# River pro question



## Tl1000r (Nov 13, 2013)

Hey my wife finally caved in , and said I can get a new boat . 

I just put my sugar sand up for sale , and once it's sold I'm looking to get a river pro .

My question is has anyone ever installed a ladder on their boat , that is one comfort that she won't give up .


----------



## 1960KLM (Nov 13, 2013)

[url=https://www.tinboats.net/forum/viewtopic.php?p=334408#p334408 said:


> Tl1000r » 13 Nov 2013, 19:43[/url]"]Hey my wife finally caved in , and said I can get a new boat .
> 
> I just put my sugar sand up for sale , and once it's sold I'm looking to get a river pro .
> 
> My question is has anyone ever installed a ladder on their boat , that is one comfort that she won't give up .

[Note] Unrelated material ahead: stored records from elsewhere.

Lemma fill_decomposition_imp G D Is M c X G' D' Is' M' T :
  cover (BS G D (bfill c X :: Is) M) (BS G' D' Is' M') -> In T Is' ->
  fill_decomposition c X T -> fill_decomposition (BImp G D Is M c) X (BS G' D' Is' M').
Proof.
  intros H HT (c1 & X1 & Hr & Hb & HX1 & Hd). destruct (in_perm _ _ HT) as (Is2 & HP).
  assert (Hb' : cover (BS G' D' Is' M') (BS G' D' (bfill c1 X1 :: Is2) M')).
  { constructor; cbn [bant bsuc bimps bmods]; eauto.
    intros Z HZ. eapply cover_some_perm; eauto. }
  exists (BImp G' D' Is2 M' c1), X1; cbn [bfill].
  split; [|split; [exact Hb'|split; [exact HX1|]]].
  - intros c' Hc. apply (cik_exch _ _ _ _ _ _ _ _ _ (Permutation_refl _) (Permutation_refl _)
                          (Permutation_sym HP) (Permutation_refl _)).
    exact (cik_replaceable_ctx (BImp G' D' Is2 M' BHole) _ _ Hr c' Hc).
  - intros Y Y' HY HXY.
    assert (HS : cover (BS G D (bfill c X :: Is) M) (BS G' D' (bfill c1 Y' :: Is2) M')).
    { eapply cover_trans; [exact H|]. eapply cover_trans; [exact Hb'|].
      exact (cover_ctx (BImp G' D' Is2 M' c1) _ _ HY). }
    apply (cover_extend _ _ _ _ _ _ _ _ _ HS); [intros x Hx; now left .. | |intros x Hx; now left].
    intros Z [<-|HZ]; [right | left; now right].
    exists (bfill c1 Y'). split; [now left | now apply Hd].
Qed.

Lemma fill_decomposition_mod G D Is M c X G' D' Is' M' T :
  cover (BS G D Is (bfill c X :: M)) (BS G' D' Is' M') -> In T M' ->
  fill_decomposition c X T -> fill_decomposition (BMod G D Is M c) X (BS G' D' Is' M').
Proof.
  intros H HT (c1 & X1 & Hr & Hb & HX1 & Hd). destruct (in_perm _ _ HT) as (M2 & HP).
  assert (Hb' : cover (BS G' D' Is' M') (BS G' D' Is' (bfill c1 X1 :: M2))).
  { constructor; cbn [bant bsuc bimps bmods]; eauto.
    intros Z HZ. eapply cover_some_perm; eauto. }
  exists (BMod G' D' Is' M2 c1), X1; cbn [bfill].
  split; [|split; [exact Hb'|split; [exact HX1|]]].
  - intros c' Hc. apply (cik_exch _ _ _ _ _ _ _ _ _ (Permutation_refl _) (Permutation_refl _)
                          (Permutation_refl _) (Permutation_sym HP)).
    exact (cik_replaceable_ctx (BMod G' D' Is' M2 BHole) _ _ Hr c' Hc).
  - intros Y Y' HY HXY.
    assert (HS : cover (BS G D Is (bfill c X :: M)) (BS G' D' Is' (bfill c1 Y' :: M2))).
    { eapply cover_trans; [exact H|]. eapply cover_trans; [exact Hb'|].
      exact (cover_ctx (BMod G' D' Is' M2 c1) _ _ HY). }
    apply (cover_extend _ _ _ _ _ _ _ _ _ HS); [intros x Hx; now left .. |].
    intros Z [<-|HZ]; [right | left; now right].
    exists (bfill c1 Y'). split; [now left | now apply Hd].
Qed.

Lemma cover_fill_inv c X S : cover (bfill c X) S -> fill_decomposition c X S.
Proof.
  revert X S; induction c as [| G D Is M c IH | G D Is M c IH]; intros X [G' D' Is' M'] H.
  - exists BHole, (BS G' D' Is' M'). split; [now intros c'|]. auto.
  - cbn [bfill] in H. pose proof (cover_inv _ _ _ _ _ H) as (_ & _ & HI & _).
    destruct (HI _ (in_eq _ _)) as (T & HT & HcT).
    exact (fill_decomposition_imp _ _ _ _ _ _ _ _ _ _ _ H HT (IH _ _ HcT)).
  - cbn [bfill] in H. pose proof (cover_inv _ _ _ _ _ H) as (_ & _ & _ & HM).
    destruct (HM _ (in_eq _ _)) as (T & HT & HcT).
    exact (fill_decomposition_mod _ _ _ _ _ _ _ _ _ _ _ H HT (IH _ _ HcT)).
Qed.

Lemma cover_sub G D Is M G' D' Is' M' Y : cover (BS G D Is M) Y ->
  incl G' G -> incl D' D -> incl Is' Is -> incl M' M -> cover (BS G' D' Is' M') Y.
Proof. intros H ? ? ? ?. eapply cover_trans; [|exact H]. now apply cover_incl. Qed.

Ltac cover_by_sub H := apply (cover_sub _ _ _ _ _ _ _ _ _ H); solve_incl.
Ltac cover_by_incl := apply cover_incl; solve_incl.

Lemma cover_cons_ant A G D Is M Y : lcov A (bant Y) (bmods Y) ->
  cover (BS G D Is M) Y -> cover (BS (A :: G) D Is M) Y.
Proof.
  intros HA H. apply (cover_extend _ _ _ _ _ _ _ _ _ H); auto.
  intros B [<-|HB]; auto.
Qed.

Lemma cover_cons_suc A G D Is M Y : rcov A (bsuc Y) (bimps Y) ->
  cover (BS G D Is M) Y -> cover (BS G (A :: D) Is M) Y.
Proof.
  intros HA H. apply (cover_extend _ _ _ _ _ _ _ _ _ H); auto.
  intros B [<-|HB]; auto.
Qed.

Lemma cover_cons_imps X X' G D Is M Y : In X' (bimps Y) -> cover X X' ->
  cover (BS G D Is M) Y -> cover (BS G D (X :: Is) M) Y.
Proof.
  intros HX' HX H. apply (cover_extend _ _ _ _ _ _ _ _ _ H); auto.
  intros Z [<-|HZ]; eauto.
Qed.

Lemma cover_cons_mods X X' G D Is M Y : In X' (bmods Y) -> cover X X' ->
  cover (BS G D Is M) Y -> cover (BS G D Is (X :: M)) Y.
Proof.
  intros HX' HX H. apply (cover_extend _ _ _ _ _ _ _ _ _ H); auto.
  intros Z [<-|HZ]; eauto.
Qed.

Lemma cik_inter_fc_many c G D Is M S P PI PM K : incl K M ->
  cik (bfill c (BS G D (BS S P PI (map bstar K ++ PM) :: Is) M)) ->
  cik (bfill c (BS G D (BS S P PI PM :: Is) M)).
Proof.
  induction K as [|T K IHK]; intros HK H; [exact H|].
  apply IHK; [now apply incl_cons_inv in HK|].
  destruct (in_perm T M (HK T (in_eq _ _))) as (M2 & HP).
  apply (cik_exch _ _ _ _ _ _ _ _ _ (Permutation_refl _) (Permutation_refl _)
           (Permutation_refl _) (Permutation_sym HP)).
  apply cik_inter_fc.
  exact (cik_exch _ _ _ _ _ _ _ _ _ (Permutation_refl _) (Permutation_refl _)
           (Permutation_refl _) HP H).
Qed.

Lemma cik_trans_fc c G D Is M S P PI PM :
  cik (bfill c (BS G D (BS (G ++ S) P PI (map bstar M ++ PM) :: Is) M)) ->
  cik (bfill c (BS G D (BS S P PI PM :: Is) M)).
Proof.
  intro H. apply (cik_trans c [] G). apply (cik_inter_fc_many _ _ _ _ _ _ _ _ _ M); auto.
  apply incl_refl.
Qed.

Definition node_goal (Ps : list bseq) (X : bseq) (c : bctx) (X' : bseq) : Prop :=
  cover X X' ->
  (forall P, In P Ps -> forall Y, cover X' Y -> cover P Y -> cik (bfill c Y)) ->
  cik (bfill c X').

Definition node_admissible (Ps : list bseq) (X : bseq) : Prop :=
  forall c X', node_goal Ps X c X'.

Lemma node_goal_perm Ps X c G D Is M G' D' Is' M' :
  Permutation G G' -> Permutation D D' -> Permutation Is Is' -> Permutation M M' ->
  node_goal Ps X c (BS G' D' Is' M') -> node_goal Ps X c (BS G D Is M).
Proof.
  intros HG HD HI HM H HX IH. symmetry in HG, HD, HI, HM.
  apply (cik_exch _ _ _ _ _ _ _ _ _ HG HD HI HM). apply H.
  - eapply cover_trans; [exact HX|]. now apply cover_perm_r.
  - intros P HP Y HY. apply (IH P HP). eapply cover_trans; [|exact HY]. now apply cover_perm_r.
Qed.

Lemma use_premise Ps X c X' P Y : cover X X' ->
  (forall P, In P Ps -> forall Y, cover X' Y -> cover P Y -> cik (bfill c Y)) ->
  In P Ps -> cover X' Y -> (cover X Y -> cover P Y) -> cik (bfill c Y).
Proof. intros HX IH HP HY H. apply (IH P HP Y HY). apply H. now apply (cover_trans _ X'). Qed.

(* Covering decomposes along contexts, so a rule need only be checked at the node where it
   acts. *)
Lemma cik_cover_of_node c Ps X : node_admissible Ps X ->
  (forall P, In P Ps -> forall S, cover (bfill c P) S -> cik S) ->
  forall S, cover (bfill c X) S -> cik S.
Proof.
  intros Hn IH S HS. destruct (cover_fill_inv _ _ _ HS) as (c' & X' & Hr & _ & HX & Hd).
  apply (Hr BHole). apply (Hn c' X' HX). intros P HP Y HXY HPY.
  exact (IH P HP _ (Hd P Y HXY HPY)).
Qed.

Ltac node_intros :=
  let Gs := fresh "Gs" in let Ds := fresh "Ds" in let Js := fresh "Js" in let Ms := fresh "Ms" in
  intros ? [Gs Ds Js Ms] HX IH;
  pose proof (cover_inv _ _ _ _ _ HX) as (HG & HD & HI & HM);
  cbn [bant bsuc bimps bmods] in HG, HD, HI, HM.

Ltac reorder G' D' Is' M' :=
  match goal with
  | HX : cover _ ?X', IH : forall P, In P _ -> forall Y, cover ?X' Y -> _ |- _ => revert HX IH
  end;
  apply (node_goal_perm _ _ _ _ _ _ _ G' D' Is' M');
  [first [assumption | reflexivity] .. | intros HX IH].

Ltac premise P :=
  match goal with
  | HX : cover _ ?X', IH : forall P, In P _ -> forall Y, cover ?X' Y -> _ |- _ =>
      apply (use_premise _ _ _ _ P _ HX IH); [simpl; auto | | intros HXY]
  end.

Lemma exch_admissible G D Is M G' D' Is' M' :
  Permutation G G' -> Permutation D D' -> Permutation Is Is' -> Permutation M M' ->
  node_admissible [BS G D Is M] (BS G' D' Is' M').
Proof.
  intros HG HD HI HM c X' HX IH. apply (IH _ (in_eq _ _)); [apply cover_refl|].
  symmetry in HG, HD, HI, HM. exact (cover_perm_l _ _ _ _ _ _ _ _ _ HG HD HI HM HX).
Qed.

Lemma bot_admissible G D Is M : node_admissible [] (BS (Bot :: G) D Is M).
Proof.
  node_intros. destruct (HG _ (in_eq _ _)) as [Hin|[]].
  destruct (in_perm _ _ Hin) as (G2 & HP). reorder (Bot :: G2) Ds Js Ms. apply cik_bot.
Qed.

Lemma top_admissible G D Is M : node_admissible [] (BS G (Top :: D) Is M).
Proof.
  node_intros. destruct (HD _ (in_eq _ _)) as [Hin|[]].
  destruct (in_perm _ _ Hin) as (D2 & HP). reorder Gs (Top :: D2) Js Ms. apply cik_top.
Qed.

Lemma ax_admissible p G D Is M : node_admissible [] (BS (Var p :: G) (Var p :: D) Is M).
Proof.
  node_intros. destruct (HG _ (in_eq _ _)) as [HinG|[]]. destruct (HD _ (in_eq _ _)) as [HinD|[]].
  destruct (in_perm _ _ HinG) as (G2 & HPG). destruct (in_perm _ _ HinD) as (D2 & HPD).
  reorder (Var p :: G2) (Var p :: D2) Js Ms. apply cik_ax.
Qed.

Lemma andL_admissible A B G D Is M :
  node_admissible [BS (A :: B :: G) D Is M] (BS (And A B :: G) D Is M).
Proof.
  node_intros. destruct (HG _ (in_eq _ _)) as [Hin|[HA HB]].
  - destruct (in_perm _ _ Hin) as (G2 & HP). reorder (And A B :: G2) Ds Js Ms.
    apply cik_andL. premise (BS (A :: B :: G) D Is M).
    + apply cover_cons_ant; [simpl; auto|]. cover_by_incl.
    + apply cover_cons_ant; [simpl; auto|]. apply cover_cons_ant; [simpl; auto|].
      cover_by_sub HXY.
  - premise (BS (A :: B :: G) D Is M); [auto|].
    apply cover_cons_ant; [exact HA|]. apply cover_cons_ant; [exact HB|].
    cover_by_sub HXY.
Qed.

Lemma andR_admissible A B G D Is M :
  node_admissible [BS G (A :: D) Is M; BS G (B :: D) Is M] (BS G (And A B :: D) Is M).
Proof.
  node_intros. destruct (HD _ (in_eq _ _)) as [Hin|[HA|HB]].
  - destruct (in_perm _ _ Hin) as (D2 & HP). reorder Gs (And A B :: D2) Js Ms.
    apply cik_andR; [premise (BS G (A :: D) Is M) | premise (BS G (B :: D) Is M)].
    all: apply cover_cons_suc; [simpl; auto|].
    all: first [cover_by_incl | cover_by_sub HXY].
  - premise (BS G (A :: D) Is M); [auto|]. apply cover_cons_suc; [exact HA|].
    cover_by_sub HXY.
  - premise (BS G (B :: D) Is M); [auto|]. apply cover_cons_suc; [exact HB|].
    cover_by_sub HXY.
Qed.

Lemma orL_admissible A B G D Is M :
  node_admissible [BS (A :: G) D Is M; BS (B :: G) D Is M] (BS (Or A B :: G) D Is M).
Proof.
  node_intros. destruct (HG _ (in_eq _ _)) as [Hin|[HA|HB]].
  - destruct (in_perm _ _ Hin) as (G2 & HP). reorder (Or A B :: G2) Ds Js Ms.
    apply cik_orL; [premise (BS (A :: G) D Is M) | premise (BS (B :: G) D Is M)].
    all: apply cover_cons_ant; [simpl; auto|].
    all: first [cover_by_incl | cover_by_sub HXY].
  - premise (BS (A :: G) D Is M); [auto|]. apply cover_cons_ant; [exact HA|].
    cover_by_sub HXY.
  - premise (BS (B :: G) D Is M); [auto|]. apply cover_cons_ant; [exact HB|].
    cover_by_sub HXY.
Qed.

Lemma orR_admissible A B G D Is M :
  node_admissible [BS G (A :: B :: D) Is M] (BS G (Or A B :: D) Is M).
Proof.
  node_intros. destruct (HD _ (in_eq _ _)) as [Hin|[HA HB]].
  - destruct (in_perm _ _ Hin) as (D2 & HP). reorder Gs (Or A B :: D2) Js Ms.
    apply cik_orR. premise (BS G (A :: B :: D) Is M).
    + apply cover_cons_suc; [simpl; auto|]. cover_by_incl.
    + apply cover_cons_suc; [simpl; auto|]. apply cover_cons_suc; [simpl; auto|].
      cover_by_sub HXY.
  - premise (BS G (A :: B :: D) Is M); [auto|].
    apply cover_cons_suc; [exact HA|]. apply cover_cons_suc; [exact HB|].
    cover_by_sub HXY.
Qed.

Lemma impL_admissible A B G D Is M :
  node_admissible [BS (Imp A B :: G) (A :: D) Is M; BS (B :: G) D Is M]
                  (BS (Imp A B :: G) D Is M).
Proof.
  node_intros. destruct (HG _ (in_eq _ _)) as [Hin|HB].
  - destruct (in_perm _ _ Hin) as (G2 & HP). reorder (Imp A B :: G2) Ds Js Ms.
    apply cik_impL; [premise (BS (Imp A B :: G) (A :: D) Is M) | premise (BS (B :: G) D Is M)].
    + cover_by_incl.
    + apply cover_cons_suc; [simpl; auto|].
      cover_by_sub HXY.
    + apply cover_cons_ant; [simpl; auto|]. cover_by_incl.
    + apply cover_cons_ant; [simpl; auto|].
      cover_by_sub HXY.
  - premise (BS (B :: G) D Is M); [auto|]. apply cover_cons_ant; [exact HB|].
    cover_by_sub HXY.
Qed.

  I can't say anything about a ladder but how you like that sugar sand what motor is in it.


----------



## Tl1000r (Nov 13, 2013)

It's a 2004 mirage with the 240 in it. Does 52 with 4 people 

I love it , use it on the delaware river and lake by my house it's good to go where prop boats can't , but after a test ride with kevin last year and talking with Chris several times , I want to go where most boats cant .


----------



## Jim (Nov 14, 2013)

Awesome! Let us know when you get it.


----------